Après une brillante carrière, des dirigeants sportifs convoitent désormais des postes de députés ou se lancent à la conquête de mairies. Ils bifurquent ainsi vers la politique, comme pour se munir d’une cuirasse.
Une popularité bâtie sur le football permet de se fabriquer une personnalité respectée, adulée, enviée… Ce qui ouvre des portes hermétiques, et procure des faveurs que le profane, homme de la rue, ou le supporter de base, ne peuvent concevoir. Les victoires en sport confèrent une telle popularité que même l’argent, beaucoup d’argent, ne pourrait acheter. Les fins stratèges politiques l’ont compris, eux qui, d’une élection à l’autre, enrôlent les hommes du football dans leur caravane.
Les cas sont légions. Théophile Abéga l’ancien capitaine des Lions indomptables, Ballon d’or africain 84, après trois mandats passés à la tête de la sous-section Mfoundi IV, tient désormais les commandes de la section du Rassemblement démocratique du peuple camerounais (Rdpc). Le président de Canon de Yaoundé, casquette, survêtement… à l’effigie du parti, a laissé de côté ses activités politiques, pour renouer avec les grandes émotions des stades. Un retour sous fond de campagne. Il espère ainsi gonfler les rangs du parti, sans distinction de condition sociale, ni d’origine tribale…
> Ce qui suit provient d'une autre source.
Lemma xyzv_lipschitz_y y y' z v : Y y -> Y y' ->
  enorm (xyzv y' z v - xyzv y z v) <= (Ly + r1 - Lx) / (r1 - Lx) * enorm (y' - y).
Proof.
move=> Yy Yy'; have [_ [Ly_gt0 _]] := f_lip.
have mu_gt0 : 0 < r1 - Lx by rewrite subr_gt0.
have m1 := xyzv_min z v Yy'; have m2 := xyzv_min z v Yy.
have sigma_ge : Ly / (r1 - Lx) <= (Ly + r1 - Lx) / (r1 - Lx).
  by rewrite ler_pM2r ?invr_gt0 //; lra.
rewrite enormB; apply: le_trans (ler_wpM2r (enorm_ge0 _) sigma_ge).
apply: (argmin_stability_linear mu_gt0 cX (Fobj_strongly_convex_x z v Yy')
          (Fobj_strongly_convex_x z v Yy) m1 m2).
  by rewrite mulr_ge0 ?enorm_ge0 ?ltW.
have := mixed_diff_le_Ly f_C1 f_lip cY m1.1 m2.1 Yy Yy'.
by rewrite /mixed_diff /Fobj; lra.
Qed.

Lemma xyzv_lipschitz_z y z z' v : Y y ->
  enorm (xyzv y z' v - xyzv y z v) <= r1 / (r1 - Lx) * enorm (z - z').
Proof.
move=> Yy; have [Lx_gt0 _] := f_lip.
apply: (argmin_prox_stability _ _ cX (Fobj_strongly_convex_x z v Yy)
          (Fobj_strongly_convex_x z' v Yy) (xyzv_min z v Yy) (xyzv_min z' v Yy)).
- by rewrite subr_gt0.
- exact/ltW/(lt_trans Lx_gt0).
- by move=> a _; exact: Fobj_shift_z.
Qed.

Lemma xzv_lipschitz_z z z' v :
  enorm (xzv z' v - xzv z v) <= r1 / (r1 - Lx) * enorm (z - z').
Proof.
have [Lx_gt0 _] := f_lip.
apply: (argmin_prox_stability _ _ cX (hfun_strongly_convex z v)
          (hfun_strongly_convex z' v) (xzv_min z v) (xzv_min z' v)).
- by rewrite subr_gt0.
- exact/ltW/(lt_trans Lx_gt0).
- by move=> a Xa; exact: hfun_shift.
Qed.

Lemma yxzv_lipschitz_x x x' z v : X x -> X x' ->
  enorm (yxzv x z v - yxzv x' z v) <= (Lx + r2 - Ly) / (r2 - Ly) * enorm (x - x').
Proof.
move=> Xx Xx'; have [Lx_gt0 _] := f_lip.
have mu_gt0 : 0 < r2 - Ly by rewrite subr_gt0.
have m1 := argmax_opp (yxzv_max z v Xx); have m2 := argmax_opp (yxzv_max z v Xx').
have sigma_ge : Lx / (r2 - Ly) <= (Lx + r2 - Ly) / (r2 - Ly).
  by rewrite ler_pM2r ?invr_gt0 //; lra.
rewrite enormB (enormB x); apply: le_trans (ler_wpM2r (enorm_ge0 _) sigma_ge).
apply: (argmin_stability_linear mu_gt0 cY (Fobj_strongly_concave_y z v Xx)
          (Fobj_strongly_concave_y z v Xx') m1 m2).
  by rewrite mulr_ge0 ?enorm_ge0 ?ltW.
have := mixed_diff_le_Lx f_C1 f_lip cX Xx Xx' m1.1 m2.1.
by rewrite /mixed_diff /Fobj; lra.
Qed.

Lemma yxzv_lipschitz_v x z v v' : X x ->
  enorm (yxzv x z v - yxzv x z v') <= r2 / (r2 - Ly) * enorm (v - v').
Proof.
move=> Xx; have [_ [Ly_gt0 _]] := f_lip.
rewrite enormB; apply: (argmin_prox_stability _ _ cY (Fobj_strongly_concave_y z v Xx)
  (Fobj_strongly_concave_y z v' Xx) (argmax_opp (yxzv_max z v Xx))
  (argmax_opp (yxzv_max z v' Xx))).
- by rewrite subr_gt0.
- exact/ltW/(lt_trans Ly_gt0).
- by move=> a _; exact: Fobj_shift_v.
Qed.

Lemma yzv_lipschitz_v z v v' :
  enorm (yzv z v - yzv z v') <= r2 / (r2 - Ly) * enorm (v - v').
Proof.
have [_ [Ly_gt0 _]] := f_lip.
rewrite enormB; apply: (argmin_prox_stability _ _ cY (neg_dfun_strongly_convex z v)
  (neg_dfun_strongly_convex z v') (argmax_opp (yzv_max z v)) (argmax_opp (yzv_max z v'))).
- by rewrite subr_gt0.
- exact/ltW/(lt_trans Ly_gt0).
- by move=> a Ya; exact: neg_dfun_shift.
Qed.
Dans le Sud, l’ex président du club de football de première division, Association sportive de la mairie de Yaoundé 1er, Asmy, devenue plus tard, Association sportive de la mairie d’Ebolowa, Asme, Bertrand Magloire Mendouga, porté à la tête de la Section Mvila Nord, à l’issue du renouvellement des bureaux des organes de base du Rdpc, a mis en avant sa célébrité, pour faire triompher le parti au pouvoir, au cours du double scrutin municipal et législatif tenu le 22 juillet.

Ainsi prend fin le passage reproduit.